Configure your MLX-compatible server as a provider in config/ai/providers.json:

{
  "providers": {
    "lm-studio": {
      "dialect": "openai_compatible",
      "baseUrl": "http://127.0.0.1:1234/v1",
      "auth": { "type": "none" }
    }
  }
}

Then add models to config/ai/models.json and activate them with the CLI.

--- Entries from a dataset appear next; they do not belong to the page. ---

(* Along the tree supports can only shrink: ini T, tail T and prem P T involve
   only variables of P or T, because the polynomials free of a given variable
   form a subring stable under taking coefficients.  Hence a right child creates
   no new vertex or edge.  In a left child, every variable of a pseudo-remainder
   by T with lv T = x_i occurs in some polynomial with leading variable x_i, so,
   as G(P) is already a subgraph of G(F), it is x_i itself or a smaller
   neighbour of x_i in G(F); the perfect elimination ordering makes these
   variables a clique of G(F). *)

From HB Require Import structures.
From mathcomp Require Import all_boot all_order all_algebra.
Set Implicit Arguments. Unset Strict Implicit. Unset Printing Implicit Defensive.
Import GRing.Theory.
Local Open Scope ring_scope.

Section FreeOf.
Variable K : idomainType.

Definition free_of n i : {pred MP K n} := [pred p | deg_in i p == 0%N].

Lemma deg_in0 n i : deg_in i (0 : MP K n) = 0%N.
Proof. by case: n => [|n] //=; case: ifP; rewrite polyseq0 ?big_ord0. Qed.

Lemma coef_at0 n j e : coef_at j e (0 : MP K n) = 0.
Proof. by case: n => [|n] /=; [case: eqP | case: ifP; rewrite ?coef0 ?polyC0 ?map_poly0]. Qed.

Lemma free_of0 n i : 0 \in @free_of n i.
Proof. by rewrite inE /free_of deg_in0. Qed.

Lemma free_of_top n (p : MP K n.+1) : (p \in @free_of n.+1 n.+1) = (size p <= 1)%N.
Proof. by rewrite inE /free_of /= eqxx; case: (size _) => [|[]]. Qed.

Lemma free_of_coefs n i (p : MP K n.+1) : i != n.+1 ->
  reflect (forall k, p`_k \in @free_of n i) (p \in @free_of n.+1 i).
Proof.
rewrite inE /= => /negbTE ->; rewrite -leqn0; apply: (iffP (bigmax_leqP _ _ _)).
  move=> Hp k; case: (ltnP k (size p)) => Hk.
    by rewrite inE /= -leqn0 (Hp (Ordinal Hk)).
  by rewrite nth_default ?free_of0.
by move=> Hp j _; rewrite leqn0; apply: Hp.
Qed.

Lemma free_of_subring_closed n i : subring_closed (@free_of n i).
Proof.
elim: n => [|n IH]; first by split.
have [-> | Hi] := eqVneq i n.+1.
  split=> [|p q|p q]; rewrite !free_of_top ?size_poly1 //.
  - by move=> Hp Hq; rewrite (leq_trans (size_polyD _ _)) // size_polyN geq_max Hp.
  - move=> Hp Hq; apply: leq_trans (size_polyMleq _ _) _.
    by case: (size p) (size q) Hp Hq => [|[|]] [|[|]].
case: IH => IH1 IHB IHM; have IH0 : 0 \in @free_of n i by rewrite -(subrr 1) IHB.
have coefsP p := @free_of_coefs n i p Hi.
split=> [|p q /coefsP Hp /coefsP Hq|p q /coefsP Hp /coefsP Hq]; apply/coefsP => k.
- by rewrite coef1; case: (k == 0)%N.
- by rewrite coefB IHB.
- rewrite coefM; apply: (big_ind (fun x => x \in @free_of n i)) => //.
  + by move=> x y Hx Hy; rewrite -[y]opprK IHB // -sub0r IHB.
  + by move=> j _; rewrite IHM.
Qed.

HB.instance Definition _ n i := GRing.isSubringClosed.Build _ (@free_of n i)
  (free_of_subring_closed n i).

Lemma free_ofE n i (p : MP K n) : (p \in free_of i) = ~~ occurs i p.
Proof. by rewrite inE /occurs lt0n negbK. Qed.

Lemma occurs_range n j (p : MP K n) : occurs j p -> (0 < j <= n)%N.
Proof.
elim: n p => [|n IH] p; first by rewrite /occurs.
have [-> _ | Hj] := eqVneq j n.+1; first by rewrite leqnn.
apply: contraTT => Hrange; rewrite -free_ofE; apply/(free_of_coefs _ Hj) => k.
by rewrite free_ofE; apply: contra Hrange => /IH /andP[-> /leqW].
Qed.

Lemma free_of_var n i j : i != j -> var K n j \in free_of i.
Proof.
move=> Hij; elim: n => [|n IH]; first by rewrite rpred1.
have [Ei | Hi] := eqVneq i n.+1.
  rewrite Ei free_of_top /=; case: ifP => [/eqP Ej|_]; first by rewrite Ei Ej eqxx in Hij.
  by rewrite size_polyC leq_b1.
apply/(free_of_coefs _ Hi) => k /=; case: ifP => _.
  by rewrite coefX; case: (k == 1)%N; rewrite ?rpred1 ?rpred0.
by rewrite coefC; case: (k == 0)%N; rewrite ?rpred0.
Qed.

Lemma free_of_coef_at n i j e (p : MP K n) : p \in free_of i -> coef_at j e p \in free_of i.
Proof.
elim: n p => [|n IH] p Hp; first by rewrite inE.
have [Ei | Hi] := eqVneq i n.+1.
  move: Hp; rewrite Ei !free_of_top /=; case: ifP => _; first by rewrite size_polyC leq_b1.
  by rewrite /map_poly; apply: leq_trans (size_poly _ _).
move/(free_of_coefs _ Hi): Hp => Hp; apply/(free_of_coefs _ Hi) => k /=; case: ifP => _.
  by rewrite coefC; case: (k == 0)%N; rewrite ?rpred0.
by rewrite coef_map_id0 ?IH ?coef_at0.
Qed.
End FreeOf.

Section Support.
Variables (K : idomainType) (n : nat).
Implicit Types (p P T : MP K n).

Lemma occurs_leq_lv j p : occurs j p -> (j <= lv p)%N.
Proof.
move=> /[dup] Hj /occurs_range /andP[_ Hjn].
exact: leq_bigmax_cond (Ordinal (Hjn : j < n.+1)%N) Hj.
Qed.

Lemma lv_occurs p : (0 < lv p)%N -> occurs (lv p) p.
Proof.
suff : (lv p == 0)%N || occurs (lv p) p by case/orP => [/eqP->|].
rewrite /lv; apply: (big_ind (fun x => (x == 0)%N || occurs x p)) => // [x y|k ->].
  by rewrite /maxn; case: ifP.
by rewrite orbT.
Qed.

Lemma occurs_ini j T : occurs j (ini T) -> occurs j T.
Proof. by apply: contraTT; rewrite -!free_ofE; apply: free_of_coef_at. Qed.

Adding a HuggingFace Model Manually

  1. Find a GGUF model on HuggingFace (e.g., unsloth/Qwen3-VL-30B-A3B-Instruct-GGUF)

  2. Add to models.json:

"llama-cpp:qwen3-vl-30b-a3b-instruct-gguf-q4-k-xl": {
  "name": "Qwen3 VL 30B A3B Instruct (Q4_K_XL)",
  "provider": "llama-cpp",
  "providerModel": "unsloth/Qwen3-VL-30B-A3B-Instruct-GGUF:Q4_K_XL",
  "capabilities": {
    "modalities": { "input": ["text", "image"], "output": ["text"] },
    "streaming": true,
    "tools": true,
    "contextWindow": 262144
  }
}
  1. Activate it:
eclaire model activate --backend llama-cpp:qwen3-vl-30b-a3b-instruct-gguf-q4-k-xl

Adding an OpenRouter Model Manually

  1. Find the model on OpenRouter (e.g., qwen/qwen3-vl-30b-a3b-instruct)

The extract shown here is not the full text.